AstraZeneca’s early-stage Fasenra study smashes primary endpoint in hypereosinophilic syndrome

pharmafile | April 4, 2019 | News story | Research and Development AstraZeneca, Fasenra, hypereosinophilic syndrome, pharma 

AstraZeneca has revealed new data for Fasenra (benralizumab), demonstrating that patients using the drug can “achieve near-complete depletion of eosinophils and improve clinical outcomes” in hypereosinophilic syndrome (HES)

In a Phase 2 trial of 20 participants, 90% achieved the primary endpoint of an at least 50% reduction in their absolute blood eosinophil counts after 12 weeks of treatment, compared to 30% with placebo.  

A rare and potentially fatal group of disorders, HES is characterised by elevated levels of eosinophils in the blood. Participants enrolled in the study has blood eosinophil counts ranging between 1,000 to 21,580 cells per μl.
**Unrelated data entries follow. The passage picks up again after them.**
(* For a veering triangulation $\tau$ of $M$, there is a surjective $\mathbb{Z}[G]$-module homomorphism $\mathcal{E}(\tilde\tau)\to\mathcal{E}^\triangle(\tilde\tau)$ (induced by the identity on the free module on edges of $\tilde\tau$), and consequently $\Theta_\tau$ divides $V_\tau$ in $\mathbb{Z}[G]$.
   Context: $\tau$ is a veering triangulation of $M$ (taut ideal triangulation with cooriented faces, each tetrahedron having two bottom and two top faces, a bottom edge, a top edge and four side edges, angle sum $2\pi$ around edges, with a consistent right/left veer on edges modelled on a thickened rhombus whose side edges of positive slope are right-veering and of negative slope left-veering). $E$, $F$ denote the sets of edges and faces of $\tau$. $G=H_1(M;\mathbb{Z})/\mathrm{torsion}$, $\hat M$ the corresponding (universal free abelian) cover with deck group $G$, $\tilde\tau$ the lifted triangulation. Tetrahedron relation of a tetrahedron with bottom edge $\mathbf b$, top edge $\mathbf t$: $\mathbf b=\mathbf t+\mathbf s_1+\mathbf s_2$ where $\mathbf s_1,\mathbf s_2$ are the side edges of veer opposite to $\mathbf t$. Face relation of a face $f$: $\mathbf b=\mathbf x+\mathbf y$ where $\mathbf b$ is the bottom edge of the unique tetrahedron having $f$ as a bottom face and $\mathbf x,\mathbf y$ are the other edges of $f$. The edge module $\mathcal{E}(\tilde\tau)$ is the free $\mathbb{Z}$-module on edges of $\tilde\tau$ modulo the tetrahedron relations of all tetrahedra of $\tilde\tau$; choosing lifts of edges it is the cokernel of $L:\mathbb{Z}[G]^E\to\mathbb{Z}[G]^E$ sending each edge $\mathbf b$ to $\mathbf b-(\mathbf t+\mathbf s_1+\mathbf s_2)$ for the tetrahedron above it, and the veering polynomial is $V_\tau=\det L\in\mathbb{Z}[G]$. The face module $\mathcal{E}^\triangle(\tilde\tau)$ is the free module on edges of $\tilde\tau$ modulo all face relations, i.e. the cokernel of $L^\triangle:\mathbb{Z}[G]^F\to\mathbb{Z}[G]^E$, $f\mapsto \mathbf b-(\mathbf x+\mathbf y)$; the taut polynomial $\Theta_\tau$ is the gcd of the $|E|\times|E|$ minors of $L^\triangle$, defined up to a unit $\pm g$. *)

From HB Require Import structures.
From mathcomp Require Import all_boot all_order all_algebra all_fingroup.
From mathcomp Require Import fraction.
From mathcomp Require Import mpoly.
(* Let $H(x)=\cos x$ for $|x|\le\pi/2$ and $H(x)=0$ for $|x|\ge\pi/2$. Let $(\lambda_n)_{n\in\mathbb{Z}}$ be a strictly increasing sequence of real numbers satisfying $\lambda_{n+2}-\lambda_n\ge\pi$ for all $n\in\mathbb{Z}$. Then for every finitely supported sequence $(a_n)_{n\in\mathbb{Z}}$ of real numbers, the function $G(x)=\sum_n a_n H^2(x+\lambda_n)$ satisfies \[ \int_{-\infty}^{\infty}|G'(x)|^2\,dx\le 4\int_{-\infty}^{\infty}|G(x)|^2\,dx . \]
   Context: $H^2(x)=(H(x))^2$. *)

From Stdlib Require Import Reals Lra Lia ZArith.
Open Scope R_scope.

Definition H (x : R) : R :=
  if Rle_dec (Rabs x) (PI / 2) then cos x else 0.

Definition H2 (x : R) : R := (H x) ^ 2.

Definition improper_integral (f : R -> R) (I : R) : Prop :=
  (forall a b : R, inhabited (Riemann_integrable f a b)) /\
  (forall eps : R, 0 < eps -> exists M : R,
     forall (a b : R) (pr : Riemann_integrable f a b),
       a <= - M -> M <= b -> Rabs (RiemannInt pr - I) < eps).

(* G(x) = sum_n a_n H^2(x + lambda_n), for a supported in [-N, N]. *)
Definition Gfun (lam a : Z -> R) (N : nat) (x : R) : R :=
  sum_f_R0 (fun k => a (Z.of_nat k - Z.of_nat N)%Z
                     * H2 (x + lam (Z.of_nat k - Z.of_nat N)%Z)) (2 * N).

(* Write G = sum_k b_k H^2(. + l_k).  Translates two or more indices apart have
   disjoint supports, so 4 G^2 - G'^2 = sum_k b_k^2 rho(l_k, l_k)
   + 2 sum_k b_k b_(k+1) rho(l_k, l_(k+1)) with
   rho(u, v) = 4 H^2(. + u) H^2(. + v) - (H^2)'(. + u) (H^2)'(. + v).
   On the common support, rho(u, v)(x) = 4 cos a cos b cos (a + b) with a = x + u,
   b = x + v, which has an explicit primitive; thus the integral of rho(u, v) is
   V(|u - v|), where V(d) = PI - d + sin (2 d) / 2 for d <= PI and 0 beyond.
   Hence the integral of 4 G^2 - G'^2 is PI sum b_k^2 + 2 sum b_k b_(k+1) W_k with
   W_k = V(l_(k+1) - l_k) in [0, PI], and l_(k+2) - l_k >= PI forces
   W_k + W_(k+1) <= PI, which makes this quadratic form nonnegative. *)

From Stdlib Require Import Reals ZArith Lra Lia FunctionalExtensionality.
From Coquelicot Require Import Coquelicot.
Open Scope R_scope.

Fixpoint sum_lt (f : nat -> R) (n : nat) : R :=
  match n with O => 0 | S k => sum_lt f k + f k end.

Lemma sum_f_R0_sum_lt f n : sum_f_R0 f n = sum_lt f (S n).
Proof. induction n as [|n IH]; simpl in *; [ring | rewrite IH; reflexivity]. Qed.

Lemma sum_lt_ext f g n : (forall k, (k < n)%nat -> f k = g k) -> sum_lt f n = sum_lt g n.
Proof. induction n as [|n IH]; intros E; simpl; [reflexivity | rewrite IH, E; auto]. Qed.
(* Let $(M,\mathcal{X})\models\mathrm{RCA}_0$, let $\mathcal{U}$ be an ultrafilter on the Boolean algebra $\mathcal{X}$ all of whose elements are cofinal in $M$, and let $\mathcal{F}/\mathcal{U}$ be the (first-order part of the) second-order restricted ultrapower. If $(M,\mathcal{X})$ satisfies $\Sigma_n$-comprehension for some $n\in\mathbb{N}$, then $M\preccurlyeq_{\Sigma_{n+2}}\mathcal{F}/\mathcal{U}$, i.e. every first-order $\Sigma_{n+2}$ formula with parameters from $M$ has the same truth value in $M$ and in $\mathcal{F}/\mathcal{U}$.
   Context: $\mathrm{RCA}_0$ is the second-order system with Robinson arithmetic, $\Sigma^0_1$-induction and $\Delta^0_1$-comprehension. $(M,\mathcal{X})$ satisfies $\Sigma_n$-comprehension if every subset of $M$ defined by a first-order $\Sigma_n$ formula with parameters from $M$ belongs to $\mathcal{X}$. Second-order restricted ultrapower: let $\mathcal{F}$ be the set of all total functions $M\to M$ belonging to $\mathcal{X}$; for $f,g\in\mathcal{F}$ put $f\sim g$ iff $\{i\in M: f(i)=g(i)\}\in\mathcal{U}$; $\mathcal{F}/\mathcal{U}$ is the set of classes $[f]$, with $[f]+[g]=[f+g]$, $[f]\times[g]=[f\times g]$ (pointwise), $[f]<[g]$ iff $\{i: f(i)<g(i)\}\in\mathcal{U}$. $M$ embeds into $\mathcal{F}/\mathcal{U}$ via constant functions. *)

(** * Syntax: the language {0, 1, +, x, <, =} of arithmetic, plus the
    second-order atomic formula [t \in X_k] (set variables indexed by nat).
    Number variables are de Bruijn indices. *)

Inductive term : Type :=
  | Var : nat -> term
  | Zero : term
  | One : term
  | Plus : term -> term -> term
  | Times : term -> term -> term.

Inductive form : Type :=
  | Eq : term -> term -> form
  | Lt : term -> term -> form
  | Mem : term -> nat -> form
  | Not : form -> form
  | And : form -> form -> form
  | Or : form -> form -> form
  | Imp : form -> form -> form
  | Ex : form -> form
  | All : form -> form
  | BEx : term -> form -> form          (* exists x < t  (t in the outer context) *)
  | BAll : term -> form -> form.        (* forall x < t  (t in the outer context) *)

Fixpoint first_order (phi : form) : Prop :=
  match phi with
  | Eq _ _ | Lt _ _ => True
  | Mem _ _ => False
  | Not p => first_order p
  | And p q | Or p q | Imp p q => first_order p /\ first_order q
  | Ex p | All p | BEx _ p | BAll _ p => first_order p
  end.

Inductive delta0 : form -> Prop :=
  | d0_eq s t : delta0 (Eq s t)
  | d0_lt s t : delta0 (Lt s t)
  | d0_mem t k : delta0 (Mem t k)
  | d0_not p : delta0 p -> delta0 (Not p)
  | d0_and p q : delta0 p -> delta0 q -> delta0 (And p q)
  | d0_or p q : delta0 p -> delta0 q -> delta0 (Or p q)
  | d0_imp p q : delta0 p -> delta0 q -> delta0 (Imp p q)
  | d0_bex t p : delta0 p -> delta0 (BEx t p)
  | d0_ball t p : delta0 p -> delta0 (BAll t p).

Inductive is_sigma : nat -> form -> Prop :=
  | sig_0 p : delta0 p -> is_sigma 0 p
  | sig_pi n p : is_pi n p -> is_sigma (S n) p
  | sig_ex n p : is_sigma (S n) p -> is_sigma (S n) (Ex p)
with is_pi : nat -> form -> Prop :=
  | pi_0 p : delta0 p -> is_pi 0 p
  | pi_sig n p : is_sigma n p -> is_pi (S n) p
  | pi_all n p : is_pi (S n) p -> is_pi (S n) (All p).
(* Let $\|\cdot\|$ be a strictly convex norm on $\mathbb R^2$ that is $C^1$ on $\mathbb R^2\setminus\{0\}$. Then $\mathrm c^{\mathrm{ENT}}(z^+,z^-)\le\Pi(z^+,z^-)$ for all distinct $z^+,z^-\in\partial\mathsf B$.
   Context: $\mathsf B=\{\|z\|<1\}$ normalized so that $\partial\mathsf B$ has length $2\pi$; $\gamma$ is its counterclockwise arc-length parametrization; $\mathbb R^2\cong\mathbb C$, $i$ = rotation by $\pi/2$. $\alpha$ is continuous with $\gamma'=e^{i\alpha}$, and $\Pi(\gamma(\theta_1),\gamma(\theta_2))=\int_{\theta_1}^{\theta_2}\int_{\theta_1}^{\theta_2}|\alpha(t)-\alpha(s)|\,dt\,ds$ for $|\theta_1-\theta_2|\le\pi$. For distinct $z^\pm$: $\nu=i\frac{z^+-z^-}{|z^+-z^-|}$ and $\mathrm c^{\mathrm{ENT}}(z^+,z^-)=\sup_{\lambda\in\Lambda_*}\int_{\theta^-}^{\theta^+}\lambda(t)\gamma'(t)\cdot\nu\,dt$ with $z^\pm=\gamma(\theta^\pm)$, $\Lambda_*=\{\lambda\in C^1(\mathbb R/2\pi\mathbb Z):\int_{\mathbb R/2\pi\mathbb Z}\lambda\gamma'=0,\ \|\lambda'\|_\infty\le1\}$. *)

From Stdlib Require Import Reals.
From Coquelicot Require Import Coquelicot.
Open Scope R_scope.

Definition vsub (z w : R * R) : R * R := (fst z - fst w, snd z - snd w).
Definition dot (z w : R * R) : R := fst z * fst w + snd z * snd w.
Definition enorm (z : R * R) : R := sqrt (dot z z).
(* multiplication by i = rotation by pi/2 *)
Definition rot90 (z : R * R) : R * R := (- snd z, fst z).
Definition vadd (z w : R * R) : R * R := (fst z + fst w, snd z + snd w).
Definition vscal (c : R) (z : R * R) : R * R := (c * fst z, c * snd z).

Definition is_norm (N : R * R -> R) : Prop :=
  (forall z, N z = 0 <-> z = (0, 0)) /\
  (forall c z, N (vscal c z) = Rabs c * N z) /\
  (forall z w, N (vadd z w) <= N z + N w).

Definition strictly_convex (N : R * R -> R) : Prop :=
  forall z w t, N z = 1 -> N w = 1 -> z <> w -> 0 < t < 1 ->
    N (vadd (vscal t z) (vscal (1 - t) w)) < 1.

Definition C1_away0 (N : R * R -> R) : Prop :=
  forall x y, (x, y) <> (0, 0) ->
    ex_derive (fun u => N (u, y)) x /\
    ex_derive (fun v => N (x, v)) y /\
    continuity_2d_pt (fun u v => Derive (fun u' => N (u', v)) u) x y /\
    continuity_2d_pt (fun u v => Derive (fun v' => N (u, v')) v) x y.

(* gamma : R -> R^2 is the counterclockwise arc-length parametrization of
   dB = {N z = 1}, with period 2*PI (this encodes the normalization
   "dB has length 2 pi"), and alpha is continuous with gamma' = e^{i alpha}. *)
Definition ccw_arclength_param (N : R * R -> R) (gamma : R -> R * R)
    (alpha : R -> R) : Prop :=
  (forall t, gamma (t + 2 * PI) = gamma t) /\
  (forall t, N (gamma t) = 1) /\
  (forall z, N z = 1 -> exists t, 0 <= t < 2 * PI /\ gamma t = z) /\
  (forall t s, 0 <= t < 2 * PI -> 0 <= s < 2 * PI -> gamma t = gamma s -> t = s) /\
  (forall t, continuous alpha t) /\
  (forall t, is_derive (fun s => fst (gamma s)) t (cos (alpha t)) /\
             is_derive (fun s => snd (gamma s)) t (sin (alpha t))) /\
  (* counterclockwise orientation *)
  (forall t, 0 < fst (gamma t) * sin (alpha t) - snd (gamma t) * cos (alpha t)).

(* gamma'(t) = e^{i alpha(t)} *)
Definition dgamma (alpha : R -> R) (t : R) : R * R := (cos (alpha t), sin (alpha t)).

Definition Lambda_star (alpha : R -> R) (lam : R -> R) : Prop :=
  (forall t, lam (t + 2 * PI) = lam t) /\
  (forall t, ex_derive lam t) /\
  (forall t, continuous (Derive lam) t) /\
  (forall t, Rabs (Derive lam t) <= 1) /\
  RInt (fun t => lam t * cos (alpha t)) 0 (2 * PI) = 0 /\
  RInt (fun t => lam t * sin (alpha t)) 0 (2 * PI) = 0.

Definition nu (zp zm : R * R) : R * R :=
  vscal (/ enorm (vsub zp zm)) (rot90 (vsub zp zm)).

Definition cENT (gamma : R -> R * R) (alpha : R -> R) (thp thm : R) : Rbar :=
  Lub_Rbar (fun v => exists lam, Lambda_star alpha lam /\
    v = RInt (fun t => lam t * dot (dgamma alpha t) (nu (gamma thp) (gamma thm))) thm thp).
Definition Fact (X : PermSet) (n : Sb) (c : Fcar X) : Fcar X :=
  Fcls X (Sb_comp n (fst (Frep X c)), snd (Frep X c)).

Definition Fmap (X Y : PermSet) (f : X -> Y) (c : Fcar X) : Fcar Y :=
  Fcls Y (fst (Frep X c), f (snd (Frep X c))).

Definition Fp (X Y : PermSet) (u : Fcar (tensor X Y)) : Fcar X * Fcar Y :=
  (Fmap (tensor X Y) X (pi1 X Y) u, Fmap (tensor X Y) Y (pi2 X Y) u).

Definition Fprod_act (X Y : PermSet) (n : Sb) (v : Fcar X * Fcar Y) : Fcar X * Fcar Y :=
  (Fact X n (fst v), Fact Y n (snd v)).

From Stdlib Require Import List Relations ProofIrrelevance IndefiniteDescription
  FunctionalExtensionality PropExtensionality Bool Arith Lia.
Import ListNotations.

(* A class [m, x] of F(X) determines x up to a permutation: [m, x] = [m', x'] iff
   x' = g x for some g in Perm with m = m' o g on a finite support of x.  Transitivity of
   this relation is where one needs that finite supports are closed under intersection.
   Injectivity of p: if [m, x] = [m', x'] via g and [m, y] = [m', y'] via h, with x, y and
   x', y' separated, then g on a support of x and h on a support of y glue into a single
   permutation witnessing [m, (x, y)] = [m', (x', y')].
   Surjectivity: given [m, x] and [n, y], rename y apart from x by a permutation r; the
   substitution equal to m on a support of x and to n o r^-1 on a support of r y is a k with
   p [k, (x, r y)] = ([m, x], [n, y]). *)

Lemma Sb_ext (m n : Sb) : (forall a, m a = n a) -> m = n.
Proof.
  destruct m as [m mfin], n as [n nfin]; simpl; intros E.
  assert (m = n) as <- by (apply functional_extensionality; exact E).
  f_equal; apply proof_irrelevance.
Qed.

Lemma Perm_ext (g h : Perm) : (forall a, g a = h a) -> g = h.
Proof.
  destruct g as [g gbij], h as [h hbij]; simpl; intros E.
  assert (g = h) as <- by (apply Sb_ext; exact E).
  f_equal; apply proof_irrelevance.
Qed.
Lemma circuit_sparse_invertible n m k (U : op C (qreg n m)) :
  @circuit C n m k U ->
  col_sparse U (2 ^ k) /\
  exists V, cancel (apply_op U) (apply_op V) /\ col_sparse V (2 ^ k).
Proof.
elim=> [U0 inc | {}k U' Ui q S _ [spU' [V [U'K spV]]] inc].
  split; first exact: incoherent_col_sparse.
  exists (adj U0); split; first exact: incoherent_unitary.
  exact/incoherent_col_sparse/incoherent_adj.
split.
  rewrite expnSr -[(_ * 2)%N]muln1; apply: col_sparse_mul (incoherent_col_sparse inc) _.
  exact: col_sparse_mul (gen_ctrl_had_col_sparse q S) spU'.
exists (mulop V (mulop (gen_ctrl_had C q S) (adj Ui))); split.
  rewrite !apply_op_mul.
  exact: can_comp (incoherent_unitary inc) (can_comp (gen_ctrl_had_invol q S) U'K).
rewrite expnS; apply: col_sparse_mul spV _.
exact: col_sparse_mul (gen_ctrl_had_col_sparse q S)
  (incoherent_col_sparse (incoherent_adj inc)).
Qed.

Lemma hadn_neq0 n (x y : bits n) : hadn C x y != 0.
Proof.
apply/prodf_neq0 => i _; rewrite /hadamard_entry mulf_neq0 ?signr_eq0 //.
by rewrite invr_eq0 sqrtC_eq0 pnatr_eq0.
Qed.

Lemma card_vsupp_hadn_ket n (x : bits n) :
  #|vsupp (apply_op (@hadn C _) (ket x))| = (2 ^ n)%N.
Proof.
rewrite apply_op_ket (_ : vsupp _ = setT); last first.
  by apply/setP => y; rewrite !inE hadn_neq0.
by rewrite cardsT card_ffun card_bool card_ord.
Qed.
Furthermore, 74% of the participants maintained a reduction in eosinophil counts and an improvement in their symptoms after 48 weeks during the open-label phase of the study. Beyond this, 64% of this number were able to taper background HES medications, while tissue biopsies from patients displayed a near-complete depletion of eosinophils following treatment.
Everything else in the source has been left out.